A couple of weeks ago an oldie (sorry if I sound ageist), had both hands on his phone while accelerating at an excess of 35MPH in a school zone! I could clearly see that he wasn't touching the steering wheel at all. His head was drooped toward the steering wheel (I'm guessing he was using his reading glasses) and he almost ran us over. :angry:

Be safe everyone. No matter how experienced you are as a driver, its never safe to multitask. Also, be careful of road rage. Even if you're not at fault, you will be always be treated as if you were.


----------



## Piddle Place (Jan 28, 2015)

OMG, you must have met my mother-in-law LOL


----------



## mss (Mar 1, 2006)

I saw a car with a sticker today that read:

"Honk if you love Jesus. 
Text while driving if you want to meet him."

I laughed in surprise. I don't think I will get that for my own car, though.


----------



## LOVE_BABY (May 5, 2015)

*Glad no one got hurt!*

Wow! What a story! Crazy people come in all shapes, sizes & yes ages! It worries me to think someone like that is driving like that with _grand kids_ in the car, she must have _serious 'issues'_ :blink:. 

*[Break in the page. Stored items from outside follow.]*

Lemma merged_code_onto : R.+2 <= m * s -> onto_off_ideals R D ->
  onto_off_ideals R (merged_word @: (D :\: [set c1; c2])).
Proof.
move=> hR hD x' I hI hIc.
pose x : rt_word n.+2 m s := [ffun p => lift (mate p) (x' p)].
pose represents e := forall p, p \in ~: I -> ord_merge (c1 p) (mate p) (e p) = x' p.
suff [e eD ex] : exists2 e, e \in D :\: [set c1; c2] & represents e.
  by exists (merged_word e); [exact: imset_f | move=> p pI; rewrite ffunE ex].
have [c cD xc] := hD x I hI hIc.
have merge_x p : ord_merge (c1 p) (mate p) (x p) = x' p by rewrite ffunE ord_merge_lift.
case: (boolP (c \in [set c1; c2])) => [cc12 | cc12]; last first.
  by exists c => [|p pI]; [rewrite inE cc12 | rewrite -xc].
have x_pair p : p \in ~: I -> x p \in [:: c1 p; mate p].
  by move=> pI; rewrite xc //; case/set2P: cc12 => ->; rewrite ?mem_head ?c2_pair.
(* Flipping [x] inside its pair at [q] forces a codeword different from [c]. *)
have flip q : q \in ~: I ->
    exists2 e, e \in D & [/\ e q != c q, {in ~: I :\ q, c =1 e} & represents e].
  move=> qI; pose y := [ffun p => if p == q then pair_other (c1 p) (mate p) (x p) else x p].
  have [e eD ye] := hD y I hI hIc; exists e => //; split.
  - by rewrite -ye // -xc // ffunE eqxx pair_other_neq ?c1_neq_mate.
  - move=> p; rewrite !inE => /andP[pq pI].
    by rewrite -xc ?inE // -ye ?inE // [y p]ffunE (negbTE pq).
  - move=> p pI; rewrite -ye // ffunE; case: eqP => [-> | _]; last exact: merge_x.
    by rewrite ord_merge_pair ?pair_other_mem // -(ord_merge_pair (x_pair q qI)).
have [p1 [p2 [p1I p2I p12]]] : exists p1 p2, [/\ p1 \in ~: I, p2 \in ~: I & p1 != p2].
  by apply/card_gt1P; rewrite cardsC_rt hIc; lia.
have [e1 e1D [e1c ce1 rep1]] := flip p1 p1I.
have [e2 e2D [e2c ce2 rep2]] := flip p2 p2I.
have ce1' : c != e1 by apply: contra_neq e1c => ->.
have ce2' : c != e2 by apply: contra_neq e2c => ->.
have e12 : e1 != e2 by apply: contra_neq e1c => ->; rewrite ce2 // in_setD1 p12.
case: (boolP (e1 \in [set c1; c2])) => e1_pair.
  exists e2; rewrite // in_setD e2D andbT in_set2 -mem_seq2.
  by apply: not_three_in_pair ce1' ce2' e12 _ _; rewrite mem_seq2 -in_set2.
by exists e1; rewrite // in_setD e1D e1_pair.
Qed.

End AlphabetReduction.

Lemma alphabet_reduction n m s R (D : {set rt_word n.+2 m s}) :
  R.+2 <= m * s -> onto_off_ideals R D ->
  exists2 D' : {set rt_word n.+1 m s}, onto_off_ideals R D' & #|D'| + 2 <= #|D|.
Proof.
move=> hR hD.
have /card_gt1P[c1 [c2 [c1D c2D c12]]] := onto_off_ideals_card_gt1 (ltnW hR) hD.
exists (merged_word c1 c2 @: (D :\: [set c1; c2])); first exact: merged_code_onto.
exact: merged_code_card.
Qed.

Lemma inj_restr_onto (aT T rT : finType) (G : {set T}) (f : aT -> T -> rT) :
  #|rT| ^ #|G| <= #|aT| -> (forall a b, {in G, f a =1 f b} -> a = b) ->
  forall y : T -> rT, exists a, {in G, f a =1 y}.
Proof.
move=> hcard finj y.
pose res a : {ffun {x | x \in G} -> rT} := [ffun p => f a (val p)].
have res_inj : injective res.
  move=> a b /ffunP eab; apply: finj => p pG.
  by have := eab (exist _ p pG); rewrite !ffunE.
have /codomP[a ya] : [ffun p => y (val p)] \in codom res.
  by apply: (inj_card_onto res_inj); rewrite card_ffun card_sig.
by exists a => p pG; have /ffunP/(_ (exist _ p pG)) := ya; rewrite !ffunE.
Qed.

Section Polynomials.
Local Open Scope ring_scope.
Variable F : fieldType.
Lemma vanishes_below_cancel N (q r : {poly R}) :
  r`_0 = 1 -> vanishes_below N (q * r) -> vanishes_below N q.
Proof.
move=> r0 vqr; elim/ltn_ind => i IH iN; have := vqr i iN.
rewrite coefM big_ord_recr /= subnn r0 mulr1 big1 ?add0r // => j _.
by rewrite IH ?mul0r // (ltn_trans _ iN).
Qed.

Lemma coef0_1subXn d : (0 < d)%N -> (1 - 'X^d : {poly R})`_0 = 1.
Proof. by case: d => // d _; rewrite coefB coef1 coefXn /= subr0. Qed.

Definition geometric_poly (c a : nat) : {poly R} := \sum_(j < c) 'X^(j * a).

Lemma geometric_polyM c a : geometric_poly c a * (1 - 'X^a) = 1 - 'X^(c * a).
Proof.
elim: c => [|c IH]; first by rewrite /geometric_poly big_ord0 mul0r mul0n expr0 subrr.
rewrite /geometric_poly big_ord_recr /= mulrDl IH mulrBr mulr1 -exprD mulSnr.
by rewrite addrA subrK.
Qed.

End TruncatedSeries.

Lemma congr_series_trunc N (P num den : {poly int}) :
  vanishes_below N (P * den - num) -> congr_series N (\poly_(i < N) P`_i) num den.
Proof.
move=> vP; change (vanishes_below N (\poly_(i < N) P`_i * den - num)).
have -> : \poly_(i < N) P`_i * den - num
    = (\poly_(i < N) P`_i - P) * den + (P * den - num).
  by rewrite mulrBl addrA subrK.
apply: vanishes_belowD => //; apply: vanishes_belowMr => i iN.
by rewrite coefB coef_poly iN subrr.
Qed.

Lemma congr_series_unique N (g h num den : {poly int}) : den`_0 = 1 ->
  congr_series N g num den -> congr_series N h num den ->
  forall i, (i < N)%N -> g`_i = h`_i.
Proof.
move=> den0 cg ch i iN; apply/eqP; rewrite -subr_eq0 -coefB; apply/eqP.
apply: (vanishes_below_cancel den0) iN.
have -> : (g - h) * den = (g * den - num) - (h * den - num).
  by rewrite mulrBl opprB addrA subrK.
exact: vanishes_belowD (vanishes_belowN ch).
Qed.

Section PrimeFamily.

Variables (K : nat) (p : nat -> nat).
Hypothesis p_prime : forall i, (i < K.+2)%N -> prime (p i).
Hypothesis p_inj : forall i j, (i < K.+2)%N -> (j < K.+2)%N -> p i = p j -> i = j.

(* Here k = K.+2, and [i : 'I_K.+1] stands for the prime [p i.+1]. *)

Local Notation n := (nprod K.+2 p).
Local Notation m := (mprod K.+2 p).

Local Open Scope nat_scope.

Definition cof (i : 'I_K.+1) := m %/ p i.+1.

(* The unique exponent (t * p 0 + b) * cof i below n congruent to e modulo p i.+1. *)
Definition forced_exponent (i : 'I_K.+1) (b : bool) (e : nat) :=
  chinese_scaled (p 0) (p i.+1) (cof i) b e * cof i.

Let p0_prime : prime (p 0) := p_prime (ltn0Sn K.+1).
Let pS_prime (i : 'I_K.+1) : prime (p i.+1) := p_prime (i := i.+1) (ltn_ord i).

Let p0_gt0 : 0 < p 0 := prime_gt0 p0_prime.
Let pS_gt0 (i : 'I_K.+1) : 0 < p i.+1 := prime_gt0 (pS_prime i).

Let pS_inj : injective (fun i : 'I_K.+1 => p i.+1).
Proof. by move=> i j /p_inj-/(_ (ltn_ord i) (ltn_ord j)) [/val_inj]. Qed.

Let coprime_p0_pS (i : 'I_K.+1) : coprime (p 0) (p i.+1).
Proof.
rewrite prime_coprime // dvdn_prime2 //.
by apply/eqP => /p_inj-/(_ (ltn0Sn K.+1) (ltn_ord i)).
Qed.

Lemma mprodE : m = \prod_(i < K.+1) p i.+1.
Proof. by rewrite /mprod big_add1 /= big_mkord. Qed.

Lemma nprodE : n = p 0 * m.
Proof. by rewrite /nprod big_ord_recl mprodE. Qed.

Lemma mprod_gt0 : 0 < m.
Proof. by rewrite mprodE prodn_gt0 // => i; rewrite prime_gt0. Qed.

Lemma cofE (i : 'I_K.+1) : cof i = \prod_(j < K.+1 | j != i) p j.+1.
Proof. by rewrite /cof mprodE (bigD1 i) //= mulKn // prime_gt0. Qed.

Lemma mprod_cof (i : 'I_K.+1) : m = p i.+1 * cof i.
Proof. by rewrite cofE mprodE (bigD1 i). Qed.

Lemma nprod_cof (i : 'I_K.+1) : n = p 0 * p i.+1 * cof i.
Proof. by rewrite nprodE (mprod_cof i) mulnA. Qed.

Lemma cof_gt0 (i : 'I_K.+1) : 0 < cof i.
Proof. by move: mprod_gt0; rewrite (mprod_cof i) muln_gt0 => /andP[]. Qed.

Lemma dvdn_cof (i j : 'I_K.+1) : j != i -> p j.+1 %| cof i.
Proof. by move=> ji; rewrite cofE (bigD1 j) //= dvdn_mulr. Qed.

Lemma coprime_cof (i : 'I_K.+1) : coprime (cof i) (p i.+1).
Proof.
rewrite coprime_sym cofE -big_filter.
apply: (prime_coprime_prod (F := fun j : 'I_K.+1 => p j.+1)) => //.
by rewrite mem_filter eqxx.
Qed.

Lemma mprod_dvdn y : (forall i : 'I_K.+1, p i.+1 %| y) -> m %| y.
Proof.
move=> dvd_y; rewrite mprodE.
exact: (prod_primes_dvdn (F := fun j : 'I_K.+1 => p j.+1) _ _ (index_enum_uniq _)).
Qed.

Lemma dvdn_forced_exponent (i j : 'I_K.+1) b e :
  j != i -> p j.+1 %| forced_exponent i b e.
Proof. by move=> ji; rewrite dvdn_mull // dvdn_cof. Qed.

In times like that it's good to whip out your phone & video the behavior & license plate number {if your phone has those capabilities}, nowadays so many crimes are caught on film & prosecuted that never would have been without the videos.


----------



## LOVE_BABY (May 5, 2015)

[email protected] said:


> Be safe everyone. No matter how experienced you are as a driver, its never safe to multitask. Also, be careful of road rage. Even if you're not at fault, you will be always be treated as if you were.


Soooooo true!
It used to be that the only thing we really had to worry about on the road was 'drunk' drivers. It's a whole new kind of danger nowadays. I worry so much more now when going through an intersection at a green light or after a stop sign for fear of someone blowing through it WHILE TEXTING!!:smstarz:


----------



## [email protected] (May 9, 2015)

LOVE_BABY said:


> Soooooo true!
> It used to be that the only thing we really had to worry about on the road was 'drunk' drivers. It's a whole new kind of danger nowadays. I worry so much more now when going through an intersection at a green light or after a stop sign for fear of someone blowing through it WHILE TEXTING!!:smstarz:


Sometimes Sophie is so freaked out about almost being hit, she doesn't want to go outside :angry:.
If you have the opportunity to watch traffic (safely of course), you'll be surprised to see the amount of people using their phones. Very, very scary!

I say bring back those 1980-90's big brick phones! You can't text and drive with that heavy brick.


----------



## --Ash-- (Dec 14, 2013)

This makes me want to run out and get a dash cam. There are too many psychos out there. I feel sorry for the grandchildren that are subjected to having this woman in the family.


----------